_REQUIRED ACTION:_ The answer must be every line below that holds the word "mulEmx".

(Stored data)
Lemma det_arrowhead (R : fieldType) K (A : 'M[R]_K.+1) :
  (forall i j, i != j -> i != ord0 -> j != ord0 -> A i j = 0) ->
  (forall i, i != ord0 -> A i i != 0) ->
  \det A = (A 0 0 - \sum_(i | i != ord0) A 0 i * A i 0 / A i i) *
           \prod_(i | i != ord0) A i i.
Proof.
move=> A_arrow A_diag.
pose schur r := \sum_(s | s != ord0) A r s * A s 0 / A s s.
have schur_row r : r != ord0 -> schur r = A r 0.
  move=> r0; rewrite /schur (bigD1 r) //= big1 ?addr0 => [|s /andP[s0 sr]].
    by rewrite mulrAC mulfV ?A_diag ?mul1r.
  by rewrite A_arrow ?mul0r // eq_sym.
(* [A *m (1 - N)] clears the first column of A below the diagonal. *)
pose N : 'M[R]_K.+1 := \matrix_(i, j) (((j == ord0) && (i != ord0))%:R * (A i 0 / A i i)).
have AUE r c : (A *m (1%:M - N)) r c = A r c - (c == ord0)%:R * schur r.
  rewrite mulmxBr mulmx1 !mxE mulr_sumr; congr (_ - _).
  rewrite [RHS]big_mkcond; apply: eq_bigr => s _; rewrite mxE.
  by case: (c == ord0); case: (s != ord0); rewrite ?mul0r ?mulr0 ?mul1r ?mulrA.
have lt_neq (i j : 'I_K.+1) : (i < j)%N -> i != j /\ j != ord0.
  move=> ltij; rewrite -!(inj_eq val_inj) /= !neq_ltn ltij.
  by rewrite (leq_ltn_trans (leq0n i) ltij) orbT.
have detU : \det (1%:M - N) = 1.
  rewrite det_trig; last first.
    apply/is_trig_mxP => i j /lt_neq[ij j0].
    by rewrite !mxE (negbTE ij) (negbTE j0) mul0r subr0.
  by rewrite big1 // => i _; rewrite !mxE eqxx andbN mul0r subr0.
have -> : \det A = \det (A *m (1%:M - N)) by rewrite det_mulmx detU mulr1.
rewrite -det_tr det_trig; last first.
  apply/is_trig_mxP => i j /lt_neq[ij j0]; rewrite mxE AUE.
  case: (eqVneq i ord0) => [->|i0]; first by rewrite schur_row // mul1r subrr.
  by rewrite mul0r subr0 A_arrow // eq_sym.
rewrite (bigD1 ord0) //= mxE AUE eqxx mul1r; congr (_ * _).
by apply: eq_bigr => i i0; rewrite mxE AUE (negbTE i0) mul0r subr0.
Qed.

Section Blowup.
Variables (R : fieldType) (m K : nat) (t : 'I_m -> 'I_K).

Local Notation fibre_card i := #|t @^-1: [set i]|.

Lemma prod_fibres (F : 'I_K -> R) : \prod_v F (t v) = \prod_i F i ^+ fibre_card i.
Proof.
rewrite (partition_big t xpredT) //=; apply: eq_bigr => i _.
rewrite -prodr_const; apply: eq_big => [v|v /eqP-> //]; by rewrite !inE.
Qed.

Let E : 'M[R]_(m, K) := \matrix_(v, i) (t v == i)%:R.

Let mulEmx p (C : 'M[R]_(K, p)) v j : (E *m C) v j = C (t v) j.
Proof.
rewrite mxE (bigD1 (t v)) //= mxE eqxx mul1r big1 ?addr0 // => i ti.
by rewrite mxE eq_sym (negbTE ti) mul0r.
Qed.

Let mulmxEt p (C : 'M[R]_(p, K)) i w : (C *m E^T) i w = C i (t w).
Proof.
rewrite mxE (bigD1 (t w)) //= !mxE eqxx mulr1 big1 ?addr0 // => j tj.
by rewrite !mxE eq_sym (negbTE tj) mulr0.
Qed.

Lemma det_blowup (B : 'M[R]_K) (S : 'M[R]_m) (x : R) :
    (forall v w, S v w = (v != w)%:R * B (t v) (t w)) ->
    (forall i, x + B i i != 0) ->
  \det (x%:M - S) = \prod_i (x + B i i) ^+ fibre_card i *
    \det (1%:M - diag_mx (\row_i ((fibre_card i)%:R / (x + B i i))) *m B).
Proof.
move=> SE y_neq0.
(* [x - S = Y (1 - Y^-1 E B E^T)], and [E^T Y^-1 E] is diagonal. *)
pose Y : 'M[R]_m := diag_mx (\row_v (x + B (t v) (t v))).
pose Yinv : 'M[R]_m := diag_mx (\row_v (x + B (t v) (t v))^-1).
have YYinv : Y *m Yinv = 1%:M.
  apply/matrixP => v w; rewrite mul_mx_diag !mxE.
  by case: (eqVneq v w) => [->|_]; rewrite ?mulr1n ?mulr0n ?mul0r ?mulfV ?y_neq0.
have EBE v w : (E *m B *m E^T) v w = B (t v) (t w) by rewrite mulmxEt mulEmx.
have -> : x%:M - S = Y *m (1%:M - (Yinv *m E *m B) *m E^T).
  rewrite mulmxBr mulmx1 !mulmxA YYinv mul1mx.
  move: (E *m B *m E^T) EBE => C CE; apply/matrixP => v w; rewrite !mxE SE CE.
  case: (eqVneq v w) => [->|_]; first by rewrite mulr1n mul0r subr0 addrK.
  by rewrite mul1r !mulr0n sub0r.
rewrite det_mulmx det_1sub_mulmxC det_diag !mulmxA; congr (_ * \det (1%:M - _ *m B)).
  by under eq_bigr do rewrite mxE; rewrite (prod_fibres (fun i => x + B i i)).
apply/matrixP => i j; rewrite -mulmxA mxE.
transitivity (\sum_(v in t @^-1: [set i]) (x + B i i)^-1 *+ (i == j)).
  rewrite [RHS]big_mkcond; apply: eq_bigr => v _; rewrite mul_diag_mx !mxE !inE.
  by case: (eqVneq (t v) i) => [->|_]; rewrite ?mul1r ?mulr_natr ?mul0r.
by rewrite sumr_const !mxE -mulrnA mulnC mulrnA -[_ *+ #|_|]mulr_natl mulrC.
Qed.
End Blowup.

_ANSWER AREA:_
Let mulEmx p (C : 'M[R]_(K, p)) v j : (E *m C) v j = C (t v) j.
have EBE v w : (E *m B *m E^T) v w = B (t v) (t w) by rewrite mulmxEt mulEmx.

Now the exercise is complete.